Several DPP8/9 inhibitors are currently available, including the nonselective DPP inhibitor Val-boroPro, the DPP8/9 selective inhibitor 1G244, as well as CQ31, and compounds 8j and L-allo-Ile-isoindoline [50,51,52,53]. Beyond immune cells, DPP8/9 inhibitors have been shown to induce pyroptosis in acute myeloid leukemia (AML) cell lines and primary AML samples [54]. While the effects of these inhibitors on solid tumors are not yet reported, DPP8 and DPP9 expressions have been detected in various normal tissues and a range of tumors, including brain tumors, gynecological malignancies, and liver cancer. Thus, DPP8/9 inhibitors represent a potential strategy for inducing pyroptotic cell death in solid cancers.

3.3.2. BRD4 Inhibitor

BRD4 is a member of the bromodomain and extra-terminal domain (BET) protein family, and it binds to acetylated lysine residues on histone tails, thereby altering chromatin structure. The BRD4 inhibitor JQ1, a thienotriazolodiazepine-based small molecule, competitively inhibits BET-histone binding, preventing BET proteins from interacting with chromatin. Recently, JQ1 has been shown to induce pyroptosis in renal cell carcinoma (RCC) via the activation of NF-κB, which subsequently activates the NLRP3 inflammasome, leading to caspase-1-dependent pyroptosis [55]. While the precise interaction between BRD4 and NLRP3 remains unclear, another study reported that BRD4 is an essential regulator of NLRC4 inflammasome activation in Salmonella-infected bone marrow-derived macrophages [56].

3.3.3. Other Inhibitors

Recent studies have demonstrated that inhibitors targeting EGFR, MEK, and ALK in lung cancer cells that express mutant forms of these proteins induce not only apoptosis but also pyroptosis. These inhibitors activate the intrinsic apoptotic pathway through the BIM-BAX-cytochrome c release signaling axis, which subsequently triggers caspase-3/GSDM-E-mediated pyroptosis. Notably, pyroptosis induced by these inhibitors occurs concurrently with caspase-3-mediated apoptosis, and there is a complex interplay among the proteins mediating both cell death pathways. However, the precise mechanisms underlying this crosstalk are incompletely understood [57].
In melanomas harboring the BRAF V600E/K mutation, the combined use of the BRAF inhibitor PLX4720 and the MEK inhibitor PD0325901 promotes GSDM-E cleavage and the release of HMGB1, along with an upregulation of IL-1β and IL-18, leading to pyroptosis induction [58]. This pyroptosis significantly enhances CD8+ T-cell infiltration into the tumor microenvironment, facilitating the immune-mediated inhibition of tumor growth.
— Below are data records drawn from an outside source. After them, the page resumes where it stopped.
Theorem lemma4p1 (phi a b c : R -> R -> R) (T : R) :
  RF_maximal phi a b c T ->
  (forall z, a z 0 <= b z 0 /\ b z 0 <= c z 0) ->
  filterlim (amin a) (at_left T) (locally 0) ->
  forall t, 0 <= t < T -> (amin a t) ^ 2 <= 4 * (T - t).
Proof.
  intros [Hsol _] Hinit Hlim t Ht.
  assert (Hord : forall z x, 0 <= x < T -> a z x <= b z x /\ a z x <= c z x).
  { intros z x Hx. split.
    - apply (RF_preserves_le_ab phi a b c T Hsol); [intros z'; apply Hinit | exact Hx].
    - apply (RF_preserves_le_ab phi a c b T (RF_solution_swap_bc _ _ _ _ _ Hsol)); [|exact Hx].
      intros z'. specialize (Hinit z'). lra. }
  set (C := amin a t ^ 2 - 4 * (T - t)).
  cut (C <= 0 * 0); [unfold C; lra|].
  apply (closed_filterlim_loc (amin a) (fun x => C <= x * x) 0 Hlim).
  - exists (mkposreal (T - t) ltac:(lra)). intros y Hy HyT.
    unfold ball in Hy; simpl in Hy; unfold AbsRing_ball, abs, minus, plus, opp in Hy; simpl in Hy.
    apply Rabs_def2 in Hy.
    pose proof (amin_sq_add_4t_nondecreasing phi a b c T Hsol Hord t y ltac:(lra) HyT).
    unfold C. simpl in *. lra.
  - apply (closed_comp (fun x => x * x) (fun u => C <= u)); [|apply closed_ge].
    intros x. apply (continuous_mult (K := R_AbsRing)); apply continuous_id.
Qed.
Lemma T_braidR j : (0 < j)%N -> (j.+1 < d)%N -> T j * T j.+1 * T j = T j.+1 * T j * T j.+1.
Proof.
case: j => // p _ pd; have pd' := ltnW pd; have pd'' := ltnW pd'.
apply: matrix_bvecP => x.
have -> : x = setw p (letter x p) (setw p.+1 (letter x p.+1) (setw p.+2 (letter x p.+2) x)).
  by rewrite !setw_letter.
move: (letter x p) (letter x p.+1) (letter x p.+2) (letter_lt n_gt0 x p)
  (letter_lt n_gt0 x p.+1) (letter_lt n_gt0 x p.+2) => u v w un vn wn.
have act1 a b c : (a < n)%N -> (b < n)%N -> (c < n)%N ->
    e (setw p a (setw p.+1 b (setw p.+2 c x))) *m T p.+1 =
    (a != b)%:R *: e (setw p b (setw p.+1 a (setw p.+2 c x))) +
    R_diag q a b *: e (setw p a (setw p.+1 b (setw p.+2 c x))).
  move=> an bn cn; rewrite bvec_mulR !letter_setw //; decide_ifs.
  by rewrite swapw_setw2 //; lia.
have act2 a b c : (a < n)%N -> (b < n)%N -> (c < n)%N ->
    e (setw p a (setw p.+1 b (setw p.+2 c x))) *m T p.+2 =
    (b != c)%:R *: e (setw p a (setw p.+1 c (setw p.+2 b x))) +
    R_diag q b c *: e (setw p a (setw p.+1 b (setw p.+2 c x))).
  move=> an bn cn; rewrite bvec_mulR !letter_setw //; decide_ifs.
  by rewrite swapw_setw ?swapw_setw2 //; lia.
rewrite !mulmxA; move: (T p.+1) (T p.+2) act1 act2 => T1 T2 act1 act2.
do 3 rewrite ?(act1, act2) ?mulmxDl -?scalemxAl.
all: try assumption.
rewrite /R_diag; clear act1 act2.
by cmp_cases u v; try cmp_cases v w; try cmp_cases u w;
  try (exfalso; lia); decide_ifs; bvec_field.
Qed.

Lemma T_commK r : (0 < r)%N -> (r.+1 < d)%N -> GRing.comm (T 0) (T r.+1).
Proof.
move=> r0 rd; have rd' := ltnW rd; have d0 := leq_ltn_trans (leq0n r) rd'.
apply: matrix_bvecP => x; rewrite /GRing.comm.
have -> : x = setw 0 (letter x 0) (setw r (letter x r) (setw r.+1 (letter x r.+1) x)).
  by rewrite !setw_letter.
move: (letter x 0) (letter x r) (letter x r.+1) (letter_lt n_gt0 x 0)
  (letter_lt n_gt0 x r) (letter_lt n_gt0 x r.+1) => u v w un vn wn.
have actK a b c : (a < n)%N -> (b < n)%N -> (c < n)%N ->
    e (setw 0 a (setw r b (setw r.+1 c x))) *m T 0 =
    (a.*2 != n.-1)%:R *: e (setw 0 (n.-1 - a) (setw r b (setw r.+1 c x))) +
    K_diag Q n a *: e (setw 0 a (setw r b (setw r.+1 c x))).
  by move=> an bn cn; rewrite bvec_mulK letter_setw // eqxx setw_setw //; lia.
have actR a b c : (a < n)%N -> (b < n)%N -> (c < n)%N ->
    e (setw 0 a (setw r b (setw r.+1 c x))) *m T r.+1 =
    (b != c)%:R *: e (setw 0 a (setw r c (setw r.+1 b x))) +
    R_diag q b c *: e (setw 0 a (setw r b (setw r.+1 c x))).
  move=> an bn cn; rewrite bvec_mulR !letter_setw //; decide_ifs.
  by rewrite swapw_setw ?swapw_setw2 //; lia.
have un' : (n.-1 - u < n)%N by lia.
rewrite !mulmxA; move: (T 0) (T r.+1) actK actR => T0 T1 actK actR.
do 2 rewrite ?(actK, actR) ?mulmxDl -?scalemxAl.
all: try assumption.
by bvec_field.
Qed.

Lemma T_commR p r : (p.+1 < r)%N -> (r.+1 < d)%N -> GRing.comm (T p.+1) (T r.+1).
Proof.
move=> pr rd; have rd' := ltnW rd.
have pd : (p.+1 < d)%N by lia.
have pd' := ltnW pd.
apply: matrix_bvecP => x; rewrite /GRing.comm.
have -> : x = setw p (letter x p) (setw p.+1 (letter x p.+1)
    (setw r (letter x r) (setw r.+1 (letter x r.+1) x))) by rewrite !setw_letter.
move: (letter x p) (letter x p.+1) (letter x r) (letter x r.+1) (letter_lt n_gt0 x p)
  (letter_lt n_gt0 x p.+1) (letter_lt n_gt0 x r) (letter_lt n_gt0 x r.+1)
  => u v w z un vn wn zn.
have act1 a b c f : (a < n)%N -> (b < n)%N -> (c < n)%N -> (f < n)%N ->
    e (setw p a (setw p.+1 b (setw r c (setw r.+1 f x)))) *m T p.+1 =
    (a != b)%:R *: e (setw p b (setw p.+1 a (setw r c (setw r.+1 f x)))) +
    R_diag q a b *: e (setw p a (setw p.+1 b (setw r c (setw r.+1 f x)))).
  move=> an bn cn fn; rewrite bvec_mulR !letter_setw //; decide_ifs.
  by rewrite swapw_setw2 //; lia.
have act2 a b c f : (a < n)%N -> (b < n)%N -> (c < n)%N -> (f < n)%N ->
    e (setw p a (setw p.+1 b (setw r c (setw r.+1 f x)))) *m T r.+1 =
    (c != f)%:R *: e (setw p a (setw p.+1 b (setw r f (setw r.+1 c x)))) +
    R_diag q c f *: e (setw p a (setw p.+1 b (setw r c (setw r.+1 f x)))).
  move=> an bn cn fn; rewrite bvec_mulR !letter_setw //; decide_ifs.
  by rewrite swapw_setw 1?swapw_setw ?swapw_setw2 //; lia.
rewrite !mulmxA; move: (T p.+1) (T r.+1) act1 act2 => T1 T2 act1 act2.
do 2 rewrite ?(act1, act2) ?mulmxDl -?scalemxAl.
all: try assumption.
by bvec_field.
Qed.

Lemma T_comm j l : (j.+1 < l < d)%N -> GRing.comm (T j) (T l).
Proof.
case: l => // r /andP [jr rd].
by case: j jr => [|p] jr; [apply: T_commK | apply: T_commR].
Qed.

End HeckeRelations.

Theorem proposition2p5 (k : fieldType) (Q q : k) (n d : nat)
  (hQ : Q != 0) (hq : q != 0) (hn : (1 <= n)%N) (hd : (1 <= d)%N)
  (i : nat) (hi1 : (1 <= i)%N) (hid : (i <= d)%N) (a : k) :
  eigenvalue (K_mx Q q n d i) a ->
  exists j : int, (`|j|%N < i)%N /\
    (a = - Q * q ^ (2 * j) \/ a = Q^-1 * q ^ (2 * j)).
Proof.
apply: (jm_eigenvalue hq (T_quadK hn hQ hq hd) (T_quadR hn hQ hq)).
- exact: T_braidK.
- exact: T_braidR.
- exact: T_comm.
- by rewrite hi1 hid.
Qed.
Lemma singular_values_factor_bounds p r (A : 'M[R]_(p, r)) (B : 'M[R]_(r, p)) a b K :
  (0 < r)%N -> 0 <= a -> 0 < b ->
  lambda_min_ge (A^T *m A) a -> lambda_min_ge (B *m B^T) b ->
  (forall x, eigenvalue ((A *m B)^T *m (A *m B)) x -> x <= K) ->
  exists s, [/\ singular_values (A *m B) s, Num.sqrt (a * b) <= s`_r.-1,
               s`_r.-1 <= s`_0 & s`_0 <= Num.sqrt K].
Proof.
move=> r_gt0 a_ge0 b_gt0 H_ge G_ge M_le.
have M_sym : ((A *m B)^T *m (A *m B))^T = (A *m B)^T *m (A *m B).
  by rewrite trmx_mul trmxK.
have [P P_unitary [d [ME chE]]] := symmetric_spectral M_sym.
have rkB : \rank B^c = r.
  rewrite mxrank_map; apply/eqP; rewrite eqn_leq rank_leq_row /=.
  have /eqP {1}<- := lambda_min_gt0_row_free G_ge b_gt0.
  exact: mxrankM_maxl.
have r_count : (r + #|[pred i | (d 0 i < a * b)%R]| <= p)%N.
  apply: (spectral_count_lt P_unitary rkB) => v vB; rewrite -ME.
  exact: factor_qf_ge a_ge0 (ltW b_gt0) H_ge G_ge v vB.
have [e [e_sorted chEe ab_le mid_le le_K]] :=
  sorted_spectrum_bounds chE r_gt0 r_count M_le.
have nth_sqrt k : (map Num.sqrt e)`_k = Num.sqrt e`_k.
  have [k_lt | k_ge] := ltnP k (size e); first exact: nth_map.
  by rewrite !nth_default ?size_map ?sqrtr0.
have ab_ge0 : 0 <= a * b by rewrite mulr_ge0 // ltW.
have er_ge0 := le_trans ab_ge0 ab_le.
have e0_ge0 := le_trans er_ge0 mid_le.
exists (map Num.sqrt e); rewrite !nth_sqrt !ler_sqrt ?(le_trans e0_ge0 le_K) //.
by split=> //; exists e.
Qed.
(* [c^(3q) < (K^q w^(q+p))^3 ≤ w^(3Kq + 3(q+p)) ≤ w^(Nq)], using [K < 2^K ≤ w^K]. *)
Lemma abc_power_bound (K p q : nat) c r w : (0 < q)%nat -> num 2 ≼ w -> r ≼ w ->
  pown c q ≺ pown (num K) q ⊗ pown r (q + p) ->
  pown (pown c q) 3 ≺ pown w ((3 * K + 3 + 3 * p) * q).
Proof.
  intros Hq Hw2 Hrw Habc.
  assert (Hw1 : I ≼ w).
  { apply neq0_ge1. intros ->. apply le_0_r in Hw2. exact (succ_neq0 _ Hw2). }
  set (T := pown (num K) q ⊗ pown w (q + p)).
  assert (HcT : pown c q ≺ T).
  { eapply lt_le_trans; [exact Habc|].
    apply mul_le_mono; [apply le_refl | apply pown_le_mono_l; auto]. }
  apply (lt_le_trans _ (pown T 3)); [apply pown_lt_mono_l, HcT|].
  unfold T. rewrite pown_mul_base, <- !pown_mul.
  apply (le_trans _ (pown w (K * (q * 3)) ⊗ pown w ((q + p) * 3))).
  - apply mul_le_mono; [|apply le_refl]. rewrite (pown_mul w K (q * 3)). apply pown_le_mono_l.
    apply (le_trans _ (pown (num 2) K)); [|apply pown_le_mono_l; auto].
    rewrite pown_num. apply num_le, Nat.lt_le_incl, Nat.pow_gt_lin_r; lia.
  - rewrite <- pown_add. apply pown_le_mono_r; auto. nia.
Qed.

Lemma abc_excludes_large_exponent A e (K p q : nat) : (0 < q)%nat -> ExpPrime A e -> E8 A e ->
  ABC_in dexp K p q ->
  forall x y z n, A n -> num (3 * K + 3 + 3 * p) ≼ n -> x <> Z -> y <> Z -> z <> Z ->
  scoprime x y -> scoprime x z -> scoprime y z -> e x n ⊕ e y n <> e z n.
Proof.
  intros Hq HE HE8 Habc x y z n An HnN Hx Hy Hz Cxy Cxz Cyz E.
  set (N := (3 * K + 3 + 3 * p)%nat) in *.
  assert (Hn0 : n <> Z).
  { intros ->. apply le_0_r in HnN. replace N with (S (3 * K + 2 + 3 * p)) in HnN by lia.
    exact (succ_neq0 _ HnN). }
  set (a := e x n) in *. set (b := e y n) in *. set (c := e z n) in *. set (w := x ⊗ y ⊗ z).
  assert (Hw2 : num 2 ≼ w).
  { apply two_le; [repeat apply mul_neq0; auto|]. intros Hw1.
    assert (x = I) by (apply dvd_1_r; rewrite <- Hw1; exists (y ⊗ z); unfold w; ring).
    assert (y = I) by (apply dvd_1_r; rewrite <- Hw1; exists (x ⊗ z); unfold w; ring).
    assert (z = I) by (apply dvd_1_r; rewrite <- Hw1; exists (x ⊗ y); unfold w; ring).
    subst x y z. unfold a, b, c in E. rewrite !(e_1_l A e HE) in E; auto.
    apply add_eq_self in E. apply one_neq0; auto. }
  assert (HwP : pown w N ≼ a ⊗ b ⊗ c).
  { unfold w. rewrite !pown_mul_base. repeat apply mul_le_mono; apply (pown_le_e A); auto. }
  assert (HPc : a ⊗ b ⊗ c ≼ pown c 3).
  { cbn. rewrite mul_1_l. apply mul_le_mono; [apply mul_le_mono|apply le_refl]; rewrite <- E.
    - apply le_add_r.
    - apply le_add_l. }
  destruct (rad_e_le_base A e x y z n HE HE8 An Hn0 Hx Hy Hz) as [r [Hr Hrw]].
  pose proof (Habc a b c (e_neq0 A e HE x n An Hx) (e_neq0 A e HE y n An Hy)
    (e_coprime A e HE8 x y n An Cxy) (e_coprime A e HE8 x z n An Cxz)
    (e_coprime A e HE8 y z n An Cyz) E r Hr) as Hac.
  rewrite !(def_exp_num dexp dexp_is_def_exp) in Hac.
  apply (lt_not_le _ _ (abc_power_bound K p q c r w Hq Hw2 Hrw Hac)).
  fold N. rewrite (pown_mul w N q), <- (pown_mul c q 3).
  replace (q * 3)%nat with (3 * q)%nat by lia. rewrite (pown_mul c 3 q). apply pown_le_mono_l.
  eapply le_trans; [exact HwP|exact HPc].
Qed.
Interestingly, melanoma tumors that relapse after this combination therapy remain susceptible to etoposide- and doxorubicin-induced pyroptosis, highlighting the potential of pyroptosis induction as a therapeutic strategy not only for primary tumors but also for recurrent tumors resistant to targeted therapies [58].
Additional small molecule inhibitors that act to induce pyroptosis are summarized in Table 2.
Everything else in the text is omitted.